SPEC CPU2000. Part 17. AMD64/EM64T and 64-bit code. The third attempt

SPEC CPU2000. Part 17.
AMD64/EM64T and 64-bit code.
The third attempt.

		Tweet

Four months have already passed since we tested 64-bit compilers on the AMD64 platform. Today we'll proceed with our tests and will see what has changed since that time, because the 32-bit product from Intel has often been in advance of 64-bit compilers. And the main plot will be the release of a 64-bit compiler from Intel. Of course, it was initially created for CPUs from this company supporting the EM64T technology, but it also works fine with AMD64.

Testbed configuration:

AMD Athlon 64 3500+ CPU (2,2 GHz, 512 KB L2, Socket 939)
Gigabyte K8NSNXP-939 mainboard
2 x Kingston HyperX KHX4000/512 (operating as DDR400)
Operating system: SuSE Linux 9.1 x86-64 (Kernel 2.6.5-7.108, gcc 3.3.3-33 compiler)

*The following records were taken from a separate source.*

Theorem lemma1p9 (k : closedFieldType) (n : nat) (mu : 'M[k]_n)
  (Hchar : (2%:R : k) != 0)
  (Hn : (1 <= n)%N)
  (Hmu0 : forall i j, mu i j != 0)
  (Hmu1 : forall i j, mu i j * mu j i = 1)
  (Hmu2 : forall i, mu i i = 1)
  (M : 'I_n -> 'M[k]_n)
  (Hsym : forall l, mu_symmetric mu (M l))
  (Hind : forall c : 'I_n -> k, \sum_(l < n) c l *: M l = 0 -> forall l, c l = 0)
  (Hnormal : normalizing_system mu (fun l => quadric mu (M l)))
  (Hbpf : base_point_free mu M)
  (a b : 'rV[k]_n) (Ha : a != 0) (Hb : b != 0) :
  in_P_span (fun l => quadric mu (M l)) (smul mu (lin1 a) (lin1 b))
  <-> in_Gamma mu M a b.
Proof.
(* Independence, normality and base-point freeness make A a graded skew
   Clifford algebra; the equivalence itself does not depend on them. *)
rewrite /in_P_span /in_Gamma smul_lin1.
set T := a^T *m b; set N := T + mu_twist mu T.
have symN : mu_symmetric mu N := mu_symmetric_symmetrize Hmu1 T.
have qN : quadric mu N = quadric mu T *+ 2 := quadric_symmetrize Hmu1 Hmu2 T.
have pairingN (alpha : 'M[k]_n) :
    pairing (\matrix_(i, j) (alpha i j + mu j i * alpha j i)) a b = mxdot alpha N.
  by rewrite pairing_outer mxdot_mu_twist.
split=> [[_ [c qT]]|[_ _ GammaW]].
- split=> // _ [alpha [Halpha ->]]; rewrite pairingN.
  have -> : N = \sum_(l < n) (c l *+ 2) *: M l.
    apply: (quadric_mu_symmetric_inj Hmu1 Hchar) => //.
      exact: mu_symmetric_lincomb.
    rewrite qN qT linear_sum -sumrMnl; apply: eq_bigr => l _.
    by rewrite linearZ scalerMnl.
  rewrite linear_sum big1 // => l _.
  by rewrite linearZ /= [mxdot _ _](Halpha l) mulr0.
- have [d Nd] : exists d : 'I_n -> k, N = \sum_(l < n) d l *: M l.
    apply: span_of_annihilated => alpha Halpha; rewrite -pairingN.
    by apply: GammaW; exists alpha.
  have qT : quadric mu T = 2%:R^-1 *: quadric mu N.
    by rewrite qN -scaler_nat scalerA mulVf // scale1r.
  split.
  + apply: contra_neq (symmetrize_outer_neq0 Hmu2 Hchar Ha Hb) => qT0.
    by apply: (quadric_mu_symmetric_eq0 Hmu1 Hchar) => //; rewrite qN qT0 mul0rn.
  + exists (fun l => 2%:R^-1 * d l).
    rewrite qT Nd [quadric mu _]linear_sum scaler_sumr; apply: eq_bigr => l _.
    by rewrite linearZ scalerA.
Qed.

We used the following compilers:

GNU gcc
PGI Workstation 5.2-2
Pathscale EKO Compiler Suite 1.3-108
Intel Compilers 8.0 (C/C++ 8.0.070, Fortran 8.0.050)
Intel Compilers 8.1 for EM64T (C/C++/Fortran 8.1.020)

We'll briefly introduce our participants for those who are not keeping up with our publications:

A standard compiler for Linux systems, gcc remains the most popular compiler for non-commercial use. We used a compiler version from the SuSE package (to be more exact – from the update), because the new (at the moment of our tests) version (we tried 3.4.2) did not provide a considerable performance gain in SPEC CPU2000 tests.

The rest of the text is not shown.